TROUTMAN - Murdock Farms is the latest local farm to consider setting up a Community Supported Agriculture (CSA) program for its customers.

Co-operator Melissa Suggs put out a feeler on Facebook this week to gauge interest in a meat CSA.

“I know why my family and I chose to do a vegetable CSA,” she said. “The food tastes better when it is locally grown. As a producer, I was interested in ways we could market to the people who are interested in buying the product we are providing.”

Community Supported Agriculture, more commonly called a CSA, is a locally controlled form of agriculture distribution where consumers contract with farmers for a share of their crops.

In the coming weeks, Suggs plans to discuss the option with her husband, Graham, and brother, Doug Haneline, to see if contracting with other farmers to sell their grass-fed beef is a viable option.

 “You have to have a lot of faith in your farmer that they know what they doing,” she said.

Most CSAs require customers to pay up-front for their produce. While some, like Farm 430, work independently, others opt to work with several farms in North Carolina.

Mills Family Farms in Mooresville, for example, has been working with Calahaln Farm in Mocksville in a CSA.

Mills Family Farm co-owner Nicole Mills said people sign up at the beginning of the growing season. Based on the amount of people who sign up, the farmers pay for seeds and other items on the farm.

“Everything we’ve done on the farm has been at the customers’ request,” she said. “We had several customers say it would be great to get produce.”

The CSA currently has 32 customers who pick up their items each Saturday.

In addition to the produce, customers can also purchase some dairy items and meat, Mills said. In many ways, it is a one-stop shop, she said.

It is better economically for the farm, said Kim Anderson with Calahaln Farm. Unlike a Farmers’ market, where you aren’t guaranteed customers, a CSA provides a steady stream of customers.

This can also be tricky, she said, because you are promising to grow a list of crops, which depends on certain types of weather.
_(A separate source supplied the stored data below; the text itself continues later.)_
Theorem proposition4p1 (H K : Group) (H0 : H -> Prop) (K0 : K -> Prop) (phi : H -> K)
  (G : Group) (iH : H -> G) (iK : K -> G) :
  torsion_free H -> torsion_free K ->
  is_subgroup H0 -> proper H0 -> malnormal H0 ->
  is_subgroup K0 -> proper K0 ->
  iso_between H0 K0 phi ->
  is_amalgam H0 K0 phi G iH iK ->
  forall n : nat, OrdSet (fun x : G => exists h : H, iH h = x) n <-> (OrdSet K0 n \/ n = 0).
Proof.
  intros H_tf K_tf H0_sub H0_proper H0_mal K0_sub K0_proper phi_iso am n. split.
  - intro hn. destruct n as [|n]; [right; reflexivity|left].
    apply (OrdSet_in_iH_pos H K H0 K0 phi G iH iK H0_sub K0_sub phi_iso am H_tf K_tf H0_mal);
      [lia|exact hn].
  - intros [hK| ->].
    + exact (OrdSet_K0_in_iH H K H0 K0 phi G iH iK H0_sub K0_sub phi_iso am n hK).
    + exact (OrdSet_in_iH_0 H K H0 K0 phi G iH iK H0_sub K0_sub phi_iso am H0_proper K0_proper).
Qed.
“I think people understand that,” she said.

A sense of community has developed among the patrons, who enjoy being able to ask the farmer directly about how the food is grown.

“People have been very pleased with what they’ve gotten this year” Mills said. “People get to know each other. They start talking about what recipes work and what didn’t work.”

Farm 430 co-owner Allison Stroud said the start of her home-delivery produce began through word of mouth.

It is a healthier option, and gives people produce that they wouldn’t regularly pick for themselves, she said.

Stroud said they usually offer enough produce for two to three people to have four to five servings.

People are thinking more about how what they eat impacts their health, she said. Many of the options at grocery stores aren’t the healthiest, she added.

Since the vegetables have been picked within one to two days of being delivered and local farmers use less pesticides and fertilizers, it can be a more healthful option, Stroud said.

“It makes a tremendous difference,” she said. “We are creating a local economy. That is so important.”